In some aspects, the techniques described herein relate to an automatic tool tilt command system, further including the control unit having a load sharing system, wherein the load sharing system is configured to modify the boom actuating signal and the tool actuating signal to not exceed an operational capacity of the hydraulic system.

The solution to the above referenced problems involves, according to claim 1 of the invention, sending based on a command to move the boom automatically generated command signals to electronic control valves in order to permit hydraulic flow to and from the boom moving cylinder and to and from the tool tilt cylinder with a predetermined ratio. Thereby the predetermined ratio is determined by the design of the working machine as every boom movement requires a correspondent tilt compensation. With the movement of the boom the angle between the boom and the chassis of the working machine changes. In order to keep the inclination of the tool with respect to the horizontal or vertical constant the angle between the boom and the tool has to be changed as well. For instance, when the boom is raised an angle between the boom and the chassis increases, and thus an angle between the boom and the tool has to be reduced in order that the tool maintains its inclination with regard to the horizontal. This angle compensation requires a hydraulic fluid flow for tilt compensation and is a fixed percentage of the hydraulic fluid flow necessary for the boom movement. This percentage at least over large parts of the operational range of the boom movement remains more or less constant and can be determined by testing, mathematical calculation, or simulation. Hence, the predetermined ratio according to invention is a percentage between the fluid flow for boom movement and the fluid flow required for tilting the tool in order to keep the inclination of the tool with respect to an absolute direction constant.

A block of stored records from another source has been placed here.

Lemma measure_preserving_cyl (R : realType) (mu : {measure set Omega -> \bar R})
    (phi : Omega -> Omega) : measurable_fun [set: Omega] phi ->
  (mu [set: Omega] < +oo)%E -> (forall v, mu (phi @^-1` cyl v) = mu (cyl v)) ->
  forall A, measurable A -> mu (phi @^-1` A) = mu A.
Proof.
move=> mphi muT phi_cyl.
by apply: (@cyl_measure_unique R (pushforward mu phi)); rewrite // /pushforward preimage_setT.
Qed.

Section measure_preserving_integral.
Context d (T : measurableType d) (R : realType).
Variables (mu : {measure set T -> \bar R}) (phi : T -> T).
Hypothesis mphi : measurable_fun [set: T] phi.
Hypothesis phi_preserving : forall A, measurable A -> mu (phi @^-1` A) = mu A.

Lemma ge0_integral_comp_preserving (D : set T) (G : T -> \bar R) :
  measurable D -> measurable_fun [set: T] G -> (forall x, (0 <= G x)%E) ->
  (\int[mu]_(x in phi @^-1` D) G (phi x) = \int[mu]_(x in D) G x)%E.
Proof.
move=> mD mG G0; rewrite -(ge0_integral_pushforward mphi) //; last exact: measurable_funTS.
by apply: eq_measure_integral => A mA _; exact: phi_preserving.
Qed.

Lemma integrable_comp_preserving (D : set T) (G : T -> \bar R) :
  measurable D -> measurable_fun [set: T] G -> mu.-integrable D G ->
  mu.-integrable (phi @^-1` D) (G \o phi).
Proof.
move=> mD mG /integrableP [_ iG]; apply/integrableP; split.
  by apply: measurable_funTS; exact: measurableT_comp.
rewrite (ge0_integral_comp_preserving (G := abse \o G)) //.
  exact: measurableT_comp.
by move=> x; exact: abse_ge0.
Qed.

Lemma integral_comp_preserving (D : set T) (G : T -> \bar R) :
  measurable D -> measurable_fun [set: T] G ->
  (forall x, (0 <= G x)%E) \/ mu.-integrable D G ->
  (\int[mu]_(x in phi @^-1` D) G (phi x) = \int[mu]_(x in D) G x)%E.
Proof.
move=> mD mG [G0|iG]; first exact: ge0_integral_comp_preserving.
rewrite -(integral_pushforward mphi) //; last exact: integrable_comp_preserving.
by apply: eq_measure_integral => A mA _; exact: phi_preserving.
Qed.

End measure_preserving_integral.

Lemma cyl_false_trueI (v : seq bool) : cyl (false :: v) `&` cyl (true :: v) = set0.
Proof. by apply/seteqP; split => // x [/cyl_cons [x0 _] /cyl_cons []]; rewrite x0. Qed.

Lemma cyl_false_trueU : cyl [:: false] `|` cyl [:: true] = [set: Omega].
Proof. by rewrite -preimage_shift_cyl cyl_nil preimage_setT. Qed.

Section bernoulli.
Variables (R : realType) (mu : {measure set Omega -> \bar R}).
Hypothesis mu_cyl : forall v, mu (cyl v) = ((2 : R) ^- size v)%:E.

Lemma mu_setT : mu [set: Omega] = 1%E.
Proof. by rewrite -cyl_nil mu_cyl expr0 invr1. Qed.

Lemma shift_preserving A : measurable A -> mu (shift @^-1` A) = mu A.
Proof.
apply: (measure_preserving_cyl measurable_shift); first by rewrite mu_setT ltry.
move=> v; rewrite preimage_shift_cyl measureU ?cyl_false_trueI //; try exact: cyl_measurable.
move: (mu_cyl (false :: v)) (mu_cyl (true :: v)) => /= -> ->.
rewrite mu_cyl -EFinD /= exprS invfM -mulrDl; congr (_%:E); lra.
Qed.

Lemma flip_head_preserving A : measurable A -> mu (flip_head @^-1` A) = mu A.
Proof.
apply: (measure_preserving_cyl measurable_flip_head); first by rewrite mu_setT ltry.
by case=> [|a v]; rewrite ?cyl_nil ?preimage_setT // preimage_flip_head_cyl !mu_cyl.
Qed.

Lemma integral_cyl1_shift (a : bool) (G : Omega -> \bar R) :
  measurable_fun [set: Omega] G ->
  (forall x, (0 <= G x)%E) \/ mu.-integrable [set: Omega] G ->
  (\int[mu]_(x in cyl [:: a]) G (shift x) + \int[mu]_(x in cyl [:: a]) G (shift x)
   = \int[mu]_x G x)%E.
Proof.
move=> mG hG.
have mGs : measurable_fun [set: Omega] (G \o shift) := measurableT_comp mG measurable_shift.
have hGs : (forall x, (0 <= G (shift x))%E) \/ mu.-integrable [set: Omega] (G \o shift).
  case: hG => [G0|iG]; [by left | right].
  have := integrable_comp_preserving measurable_shift shift_preserving measurableT mG iG.
  by rewrite preimage_setT.
(* [flip_head] exchanges [cyl [:: false]] and [cyl [:: true]] and commutes with [shift]. *)
have flip_sym : (\int[mu]_(x in cyl [:: true]) G (shift x)
                 = \int[mu]_(x in cyl [:: false]) G (shift x))%E.
  rewrite -(preimage_flip_head_cyl false [::]).
  apply: (integral_comp_preserving measurable_flip_head flip_head_preserving
            (cyl_measurable _) mGs).
  case: hGs => [G0|iG]; [by left | right].
  exact: integrableS measurableT (cyl_measurable _) (@subsetT _ _) iG.
rewrite -(integral_comp_preserving measurable_shift shift_preserving measurableT mG) //.
rewrite preimage_setT -cyl_false_trueU integral_setU //; try exact: cyl_measurable.
- by case: a; rewrite flip_sym.
- exact: measurable_funTS.
- by apply/disj_set2P; exact: cyl_false_trueI.
Qed.

End bernoulli.

Section square_integrable.
Variables (R : realType) (mu : {measure set Omega -> \bar R}).
Local Notation ip := (inner mu).

Definition L2 (f : Omega -> R) := measurable_fun [set: Omega] f /\
  mu.-integrable [set: Omega] (fun x => (f x ^+ 2)%:E).

Lemma L2_integrable_mul (f g : Omega -> R) : L2 f -> L2 g ->
  mu.-integrable [set: Omega] (fun x => (f x * g x)%:E).
Proof.
move=> [mf if2] [mg ig2].
apply: (le_integrable measurableT (g := fun x => ((f x ^+ 2)%:E + (g x ^+ 2)%:E)%E)).
- by apply/measurable_EFinP; exact: measurable_funM.
- move=> x _ /=; rewrite lee_fin [leRHS]ger0_norm ?addr_ge0 ?sqr_ge0 // normrM.
  rewrite -(real_normK (num_real (f x))) -(real_normK (num_real (g x))).
  by have := sqr_ge0 (`|f x| - `|g x|); nra.
- exact: integrableD.
Qed.

Lemma L2_lin (a b : R) (f g : Omega -> R) : L2 f -> L2 g ->
  L2 (fun x => a * f x + b * g x).
Proof.
move=> Lf Lg; split.
  by case: Lf Lg => mf _ [mg _]; apply: measurable_funD; exact: measurable_funM.
apply: (eq_integrable measurableT (fun x => ((a ^+ 2)%:E * (f x * f x)%:E
    + ((2 * a * b)%:E * (f x * g x)%:E + (b ^+ 2)%:E * (g x * g x)%:E))%E)) => //.
  by move=> x _; rewrite -!EFinM -!EFinD; congr (_%:E); ring.
have intZ h1 h2 k : L2 h1 -> L2 h2 ->
    mu.-integrable [set: Omega] (fun x => (k%:E * (h1 x * h2 x)%:E)%E).
  by move=> Lh1 Lh2; apply: integrableZl => //; exact: L2_integrable_mul.
by apply: integrableD => //; [exact: intZ | apply: integrableD => //; exact: intZ].
Qed.

Lemma L2Z (k : R) (f : Omega -> R) : L2 f -> L2 (fun x => k * f x).
Proof.
move=> Lf; have := L2_lin k 0 Lf Lf.
by congr L2; apply: funext => x; rewrite mul0r addr0.
Qed.

Lemma L2_0 : L2 (fun=> 0).
Proof.
split; first exact: measurable_cst.
apply: (eq_integrable measurableT (cst 0%E)) => //; last exact: integrable0.
by move=> x _; rewrite expr0n.
Qed.

Lemma innerE (f g : Omega -> R) : ip f g = (\int[mu]_x (f x * g x))%R.
Proof. by []. Qed.

Lemma innerC (f g : Omega -> R) : ip f g = ip g f.
Proof. by rewrite /inner; congr fine; apply: eq_integral => x _; rewrite mulrC. Qed.

Lemma inner_linl (a b : R) (f g h : Omega -> R) : L2 f -> L2 g -> L2 h ->
  ip (fun x => a * f x + b * g x) h = a * ip f h + b * ip g h.
Proof.
move=> Lf Lg Lh; have ifh := L2_integrable_mul Lf Lh; have igh := L2_integrable_mul Lg Lh.
have iafh := integrableZl measurableT a ifh; have ibgh := integrableZl measurableT b igh.
rewrite !innerE; under eq_Rintegral do rewrite mulrDl -!mulrA.
by rewrite RintegralD ?RintegralZl.
Qed.

Lemma inner_linr (a b : R) (f g h : Omega -> R) : L2 f -> L2 g -> L2 h ->
  ip h (fun x => a * f x + b * g x) = a * ip h f + b * ip h g.
Proof. by move=> *; rewrite innerC inner_linl // (innerC f) (innerC g). Qed.

Lemma innerZl (k : R) (f g : Omega -> R) : L2 f -> L2 g ->
  ip (fun x => k * f x) g = k * ip f g.
Proof.
move=> Lf Lg; have := inner_linl k 0 Lf Lf Lg; rewrite mul0r addr0 => <-.
by congr inner; apply: funext => x; rewrite mul0r addr0.
Qed.

Lemma innerZr (k : R) (f g : Omega -> R) : L2 f -> L2 g ->
  ip g (fun x => k * f x) = k * ip g f.
Proof. by move=> Lf Lg; rewrite innerC innerZl // innerC. Qed.

Lemma inner0l (g : Omega -> R) : ip (fun=> 0) g = 0.
Proof.
rewrite /inner (eq_integral (fun=> 0%E)) ?integral0 //.
by move=> x _; rewrite mul0r.
Qed.

Lemma inner_ge0 (f : Omega -> R) : 0 <= ip f f.
Proof. by apply: fine_ge0; apply: integral_ge0 => x _; rewrite lee_fin -expr2 sqr_ge0. Qed.

Lemma inner_lin_self (a b : R) (u v : Omega -> R) : L2 u -> L2 v ->
  ip (fun x => a * u x + b * v x) (fun x => a * u x + b * v x) =
  a ^+ 2 * ip u u + 2 * a * b * ip u v + b ^+ 2 * ip v v.
Proof.
move=> Lu Lv; rewrite inner_linl ?inner_linr //; last exact: L2_lin.
by rewrite (innerC v u); ring.
Qed.

(* Expand |f - <f,u> u - (<f,v>/s) v|^2 >= 0. *)
Lemma bessel2 (f u v : Omega -> R) (s : R) : L2 f -> L2 u -> L2 v ->
  ip u u = 1 -> ip v v = s -> 0 < s -> ip u v = 0 ->
  ip f u ^+ 2 + ip f v ^+ 2 / s <= ip f f.
Proof.
move=> Lf Lu Lv uu vv s0 uv.
have := inner_ge0 (fun x => 1 * (1 * f x + (- ip f u) * u x) + (- (ip f v / s)) * v x).
rewrite inner_lin_self ?inner_lin_self ?inner_linl //; last exact: L2_lin.
rewrite uu vv uv.
suff -> : 1 ^+ 2 * (1 ^+ 2 * ip f f + 2 * 1 * - ip f u * ip f u + (- ip f u) ^+ 2 * 1) +
  2 * 1 * - (ip f v / s) * (1 * ip f v + - ip f u * 0) + (- (ip f v / s)) ^+ 2 * s =
  ip f f - ip f u ^+ 2 - ip f v ^+ 2 / s by lra.
by field; rewrite gt_eqF.
Qed.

For controlling these fluid flows for moving the boom and tilting the tool the invention uses for controlling each fluid flow an electronic control valve, which valves are controlled by a control unit providing correspondent electric signals for feeding or discharging hydraulic fluid to and from the moving cylinder of the boom and to and from the tilt cylinder for tilting the tool. This control unit is designed to receive the commands for moving the boom, to determine the correspondent fluid flows to both the moving/lift cylinder and the tilt cylinder based on the predetermined flow ratio as indicated above, and to transmit corresponding signals to the electronic control valves for permitting adequate fluid flows to and from the movements cylinder and to and from the tilt cylinder.

In difference to the state of the art neither a compensation cylinder nor sensors for feeding back the tool inclination is necessary any longer. Furthermore, existing control units can be used and have to be designed only in a manner that they are capable to transmit corresponding electric signals to the electronic control valves for adjusting the tool inclination to the movement of the boom. For these signal transmissions commonly known techniques are applicable as transmission by wire, wireless transmission, transmission by serial or parallel bus systems, etc.

Naturally, the electronic control valves have to be equipped with correspondent receivers for receiving the actuating signal to move the boom and the levelling signal to perform the tilt compensation. Here the electronic control valves, for instance, comprise electronic actuators, like solenoids to enable the commanded fluid flows to the respective cylinders in order to fulfil the initial operation input command to move/lift/lower the boom while keeping the inclination angle of the tool as initially adjusted.

As the cylinders for boom movement and for tool inclination are commonly double-acting cylinders, the use of ¾-way-valves is possible. Such directional valves comprise a spool for opening and closing the adequate fluid paths, preferable in a proportional manner corresponding to the actuation and/or the inclination signal. For doing this, solenoids can be applied, which shift the spool proportional to the actuation or levelling signal to enable the correspondent boom movement with tool inclination compensation. In order to bring or hold these electronic control valve in their initial position, where fluid flows via the electronic control valves is disabled, centring valve springs or pressure compensated valve spools can be used. Further, pressure compensated valves are used preferably, when load independent flow functionality should be provided by the inventive automatic compensation system for tool inclination.

Preferably a load sharing system of a control unit provides that there is always sufficient fluid flow available for both functions so that the predetermined flow ratio can be always maintained. Here the control unit preferably controls the hydraulic system of the working machine in order that the total pump flow commanded for the operation of all working machine functions does not exceed the actual pump flow output or the maximum capacity of the pump. Here pump speed, engine speed as well as pump and engine efficiencies should be considered. Hence the control unit for tilt compensation applies the predetermined flow ratio for tilt compensation based on available hydraulic flow determined by the load sharing unit.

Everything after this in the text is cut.